(Saved data entries)
╔══

Lemma segment_excess_increasing x y : 0 < x -> x < y -> y <= PI / 2 ->
  r x ^ 2 * segment_ratio x - channel_volume kappa r u x
  < r y ^ 2 * segment_ratio y - channel_volume kappa r u y.
Proof.
  intros Hx Hxy Hy. pose proof PI_RGT_0.
  assert (Hslope : forall t, x <= t <= y ->
    0 < 2 * r t * (sin t - cos t * segment_ratio t) * (r t / sin t - / (kappa * u t))).
  { intros t Ht. pose proof (sin_gt_0 t ltac:(lra) ltac:(lra)).
    pose proof (profile_u_pos t ltac:(lra)).
    pose proof (profile_r_gt t ltac:(lra)) as Hrt.
    assert (0 < sin t / (kappa * u t)) by (apply Rdiv_lt_0_compat; nra).
    assert (E : r t / sin t - / (kappa * u t) = (r t - sin t / (kappa * u t)) / sin t)
      by (field; lra).
    rewrite E. pose proof (segment_ratio_slope_pos t ltac:(lra)).
    apply Rmult_lt_0_compat; [apply Rmult_lt_0_compat; lra |].
    apply Rdiv_lt_0_compat; lra. }
  apply (derive_pos_interior_lt
           (fun t => r t ^ 2 * segment_ratio t - channel_volume kappa r u t)
           (fun t => 2 * r t * (sin t - cos t * segment_ratio t)
                     * (r t / sin t - / (kappa * u t)))); [lra | | |].
  - intros t Ht. pose proof (sin_gt_0 t ltac:(lra) ltac:(lra)).
    pose proof (profile_u_pos t ltac:(lra)).
    pose proof (profile_derive_r t ltac:(lra)) as Hr.
    pose proof (is_derive_segment_ratio t ltac:(lra)) as Hphi.
    pose proof (is_derive_channel_volume t ltac:(lra)) as HV.
    auto_derive.
    + repeat split; [eexists; exact Hr | eexists; exact Hphi | eexists; exact HV].
    + rewrite_Derive Hr. rewrite_Derive Hphi. rewrite_Derive HV. field. lra.
  - intros t Ht. apply Rlt_le, Hslope. lra.
  - intros t Ht. apply Hslope. lra.
Qed.

Lemma channel_volume_lt_segment g : 0 < g <= PI / 2 ->
  channel_volume kappa r u g < r g ^ 2 / sin g ^ 2 * (g - sin g * cos g).
Proof.
  intros Hg. pose proof PI_RGT_0.
  enough (0 < r g ^ 2 * segment_ratio g - channel_volume kappa r u g)
    by (unfold segment_ratio, Rdiv in *; lra).
  apply (increasing_pos_of_vanishing_lower_bound
           (fun t => r t ^ 2 * segment_ratio t - channel_volume kappa r u t)
           (channel_volume kappa r u) (PI / 2));
    [| exact channel_volume_0 | exact segment_excess_increasing | | exact Hg].
  - apply (is_derive_continuity_pt _ _ _ (is_derive_channel_volume 0 ltac:(lra))).
  - intros t Ht. pose proof (segment_ratio_nonneg t ltac:(lra)).
    assert (0 <= r t ^ 2 * segment_ratio t) by (apply Rmult_le_pos; [nra | lra]).
    lra.
Qed.

Local Notation rad := (r (PI / 2)).
Local Notation uc := (u (PI / 2)).

Lemma profile_inv_u_lt_rad p : PI / 2 <= p <= PI -> / (kappa * u p) < rad.
Proof.
  intros Hp. pose proof PI_RGT_0.
  pose proof (profile_r_gt (PI / 2) ltac:(lra)) as Hrad.
  rewrite sin_PI2, Rdiv_1_l in Hrad.
  pose proof (profile_u_pos (PI / 2) ltac:(lra)).
  pose proof (profile_u_le (PI / 2) p ltac:(lra) ltac:(lra) ltac:(lra)).
  enough (/ (kappa * u p) <= / (kappa * uc)) by lra.
  apply Rinv_le_contravar; nra.
Qed.

Lemma profile_r_ge_rad_sin p : PI / 2 <= p <= PI -> rad * sin p <= r p.
Proof.
  intros Hp. pose proof PI_RGT_0.
  enough (r (PI / 2) - rad * sin (PI / 2) <= r p - rad * sin p)
    by (rewrite sin_PI2 in *; lra).
  apply (derive_nonneg_le (fun t => r t - rad * sin t)
           (fun t => cos t * (/ (kappa * u t) - rad))); [lra | |].
  - intros t Ht. pose proof (profile_derive_r t ltac:(lra)) as Hr.
    pose proof (profile_u_pos t ltac:(lra)).
    auto_derive; [eexists; exact Hr |].
    rewrite_Derive Hr. field. lra.
  - intros t Ht. pose proof (cos_le_0 t ltac:(lra) ltac:(lra)).
    pose proof (profile_inv_u_lt_rad t ltac:(lra)). nra.
Qed.

Lemma profile_u_le_circle p : PI / 2 <= p <= PI -> u p - uc <= - (rad * cos p).
Proof.
  intros Hp. pose proof PI_RGT_0.
  enough (u p + rad * cos p <= u (PI / 2) + rad * cos (PI / 2))
    by (rewrite cos_PI2 in *; lra).
  apply (derive_nonpos_ge (fun t => u t + rad * cos t)
           (fun t => sin t * (/ (kappa * u t) - rad))); [lra | |].
  - intros t Ht. pose proof (profile_derive_u t ltac:(lra)) as Hu.
    pose proof (profile_u_pos t ltac:(lra)).
    auto_derive; [eexists; exact Hu |].
    rewrite_Derive Hu. field. lra.
  - intros t Ht. pose proof (sin_ge_0 t ltac:(lra) ltac:(lra)).
    pose proof (profile_inv_u_lt_rad t ltac:(lra)). nra.
Qed.

Lemma profile_in_disc p : PI / 2 <= p <= PI -> r p ^ 2 + (u p - uc) ^ 2 <= rad ^ 2.
Proof.
  intros Hp. pose proof PI_RGT_0.
  enough (r p ^ 2 + (u p - uc) ^ 2 <= r (PI / 2) ^ 2 + (u (PI / 2) - uc) ^ 2) by lra.
  apply (derive_nonpos_ge (fun t => r t ^ 2 + (u t - uc) ^ 2)
           (fun t => 2 / (kappa * u t) * (r t * cos t + (u t - uc) * sin t))); [lra | |].
  - intros t Ht. pose proof (profile_derive_r t ltac:(lra)) as Hr.
    pose proof (profile_derive_u t ltac:(lra)) as Hu.
    pose proof (profile_u_pos t ltac:(lra)).
    auto_derive; [repeat split; [eexists; exact Hr | eexists; exact Hu] |].
    rewrite_Derive Hr. rewrite_Derive Hu. field. lra.
  - intros t Ht. pose proof (profile_u_pos t ltac:(lra)).
    pose proof (sin_ge_0 t ltac:(lra) ltac:(lra)).
    pose proof (cos_le_0 t ltac:(lra) ltac:(lra)).
    pose proof (profile_r_ge_rad_sin t ltac:(lra)).
    pose proof (profile_u_le_circle t ltac:(lra)).
    assert (r t * cos t + (u t - uc) * sin t <= 0) by nra.
    assert (0 < 2 / (kappa * u t)) by (apply Rdiv_lt_0_compat; nra).
    nra.
Qed.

╚══

_Exercise details_
Every entry must be duplicated exactly as it stands.

_Exercise result_
Lemma segment_excess_increasing x y : 0 < x -> x < y -> y <= PI / 2 ->
  r x ^ 2 * segment_ratio x - channel_volume kappa r u x
  < r y ^ 2 * segment_ratio y - channel_volume kappa r u y.
Proof.
  intros Hx Hxy Hy. pose proof PI_RGT_0.
  assert (Hslope : forall t, x <= t <= y ->
    0 < 2 * r t * (sin t - cos t * segment_ratio t) * (r t / sin t - / (kappa * u t))).
  { intros t Ht. pose proof (sin_gt_0 t ltac:(lra) ltac:(lra)).
    pose proof (profile_u_pos t ltac:(lra)).
    pose proof (profile_r_gt t ltac:(lra)) as Hrt.
    assert (0 < sin t / (kappa * u t)) by (apply Rdiv_lt_0_compat; nra).
    assert (E : r t / sin t - / (kappa * u t) = (r t - sin t / (kappa * u t)) / sin t)
      by (field; lra).
    rewrite E. pose proof (segment_ratio_slope_pos t ltac:(lra)).
    apply Rmult_lt_0_compat; [apply Rmult_lt_0_compat; lra |].
    apply Rdiv_lt_0_compat; lra. }
  apply (derive_pos_interior_lt
           (fun t => r t ^ 2 * segment_ratio t - channel_volume kappa r u t)
           (fun t => 2 * r t * (sin t - cos t * segment_ratio t)
                     * (r t / sin t - / (kappa * u t)))); [lra | | |].
  - intros t Ht. pose proof (sin_gt_0 t ltac:(lra) ltac:(lra)).
    pose proof (profile_u_pos t ltac:(lra)).
    pose proof (profile_derive_r t ltac:(lra)) as Hr.
    pose proof (is_derive_segment_ratio t ltac:(lra)) as Hphi.
    pose proof (is_derive_channel_volume t ltac:(lra)) as HV.
    auto_derive.
    + repeat split; [eexists; exact Hr | eexists; exact Hphi | eexists; exact HV].
    + rewrite_Derive Hr. rewrite_Derive Hphi. rewrite_Derive HV. field. lra.
  - intros t Ht. apply Rlt_le, Hslope. lra.
  - intros t Ht. apply Hslope. lra.
Qed.

Lemma channel_volume_lt_segment g : 0 < g <= PI / 2 ->
  channel_volume kappa r u g < r g ^ 2 / sin g ^ 2 * (g - sin g * cos g).
Proof.
  intros Hg. pose proof PI_RGT_0.
  enough (0 < r g ^ 2 * segment_ratio g - channel_volume kappa r u g)
    by (unfold segment_ratio, Rdiv in *; lra).
  apply (increasing_pos_of_vanishing_lower_bound
           (fun t => r t ^ 2 * segment_ratio t - channel_volume kappa r u t)
           (channel_volume kappa r u) (PI / 2));
    [| exact channel_volume_0 | exact segment_excess_increasing | | exact Hg].
  - apply (is_derive_continuity_pt _ _ _ (is_derive_channel_volume 0 ltac:(lra))).
  - intros t Ht. pose proof (segment_ratio_nonneg t ltac:(lra)).
    assert (0 <= r t ^ 2 * segment_ratio t) by (apply Rmult_le_pos; [nra | lra]).
    lra.
Qed.

Local Notation rad := (r (PI / 2)).
Local Notation uc := (u (PI / 2)).

Lemma profile_inv_u_lt_rad p : PI / 2 <= p <= PI -> / (kappa * u p) < rad.
Proof.
  intros Hp. pose proof PI_RGT_0.
  pose proof (profile_r_gt (PI / 2) ltac:(lra)) as Hrad.
  rewrite sin_PI2, Rdiv_1_l in Hrad.
  pose proof (profile_u_pos (PI / 2) ltac:(lra)).
  pose proof (profile_u_le (PI / 2) p ltac:(lra) ltac:(lra) ltac:(lra)).
  enough (/ (kappa * u p) <= / (kappa * uc)) by lra.
  apply Rinv_le_contravar; nra.
Qed.

Lemma profile_r_ge_rad_sin p : PI / 2 <= p <= PI -> rad * sin p <= r p.
Proof.
  intros Hp. pose proof PI_RGT_0.
  enough (r (PI / 2) - rad * sin (PI / 2) <= r p - rad * sin p)
    by (rewrite sin_PI2 in *; lra).
  apply (derive_nonneg_le (fun t => r t - rad * sin t)
           (fun t => cos t * (/ (kappa * u t) - rad))); [lra | |].
  - intros t Ht. pose proof (profile_derive_r t ltac:(lra)) as Hr.
    pose proof (profile_u_pos t ltac:(lra)).
    auto_derive; [eexists; exact Hr |].
    rewrite_Derive Hr. field. lra.
  - intros t Ht. pose proof (cos_le_0 t ltac:(lra) ltac:(lra)).
    pose proof (profile_inv_u_lt_rad t ltac:(lra)). nra.
Qed.

Lemma profile_u_le_circle p : PI / 2 <= p <= PI -> u p - uc <= - (rad * cos p).
Proof.
  intros Hp. pose proof PI_RGT_0.
  enough (u p + rad * cos p <= u (PI / 2) + rad * cos (PI / 2))
    by (rewrite cos_PI2 in *; lra).
  apply (derive_nonpos_ge (fun t => u t + rad * cos t)
           (fun t => sin t * (/ (kappa * u t) - rad))); [lra | |].
  - intros t Ht. pose proof (profile_derive_u t ltac:(lra)) as Hu.
    pose proof (profile_u_pos t ltac:(lra)).
    auto_derive; [eexists; exact Hu |].
    rewrite_Derive Hu. field. lra.
  - intros t Ht. pose proof (sin_ge_0 t ltac:(lra) ltac:(lra)).
    pose proof (profile_inv_u_lt_rad t ltac:(lra)). nra.
Qed.

Lemma profile_in_disc p : PI / 2 <= p <= PI -> r p ^ 2 + (u p - uc) ^ 2 <= rad ^ 2.
Proof.
  intros Hp. pose proof PI_RGT_0.
  enough (r p ^ 2 + (u p - uc) ^ 2 <= r (PI / 2) ^ 2 + (u (PI / 2) - uc) ^ 2) by lra.
  apply (derive_nonpos_ge (fun t => r t ^ 2 + (u t - uc) ^ 2)
           (fun t => 2 / (kappa * u t) * (r t * cos t + (u t - uc) * sin t))); [lra | |].
  - intros t Ht. pose proof (profile_derive_r t ltac:(lra)) as Hr.
    pose proof (profile_derive_u t ltac:(lra)) as Hu.
    pose proof (profile_u_pos t ltac:(lra)).
    auto_derive; [repeat split; [eexists; exact Hr | eexists; exact Hu] |].
    rewrite_Derive Hr. rewrite_Derive Hu. field. lra.
  - intros t Ht. pose proof (profile_u_pos t ltac:(lra)).
    pose proof (sin_ge_0 t ltac:(lra) ltac:(lra)).
    pose proof (cos_le_0 t ltac:(lra) ltac:(lra)).
    pose proof (profile_r_ge_rad_sin t ltac:(lra)).
    pose proof (profile_u_le_circle t ltac:(lra)).
    assert (r t * cos t + (u t - uc) * sin t <= 0) by nra.
    assert (0 < 2 / (kappa * u t)) by (apply Rdiv_lt_0_compat; nra).
    nra.
Qed.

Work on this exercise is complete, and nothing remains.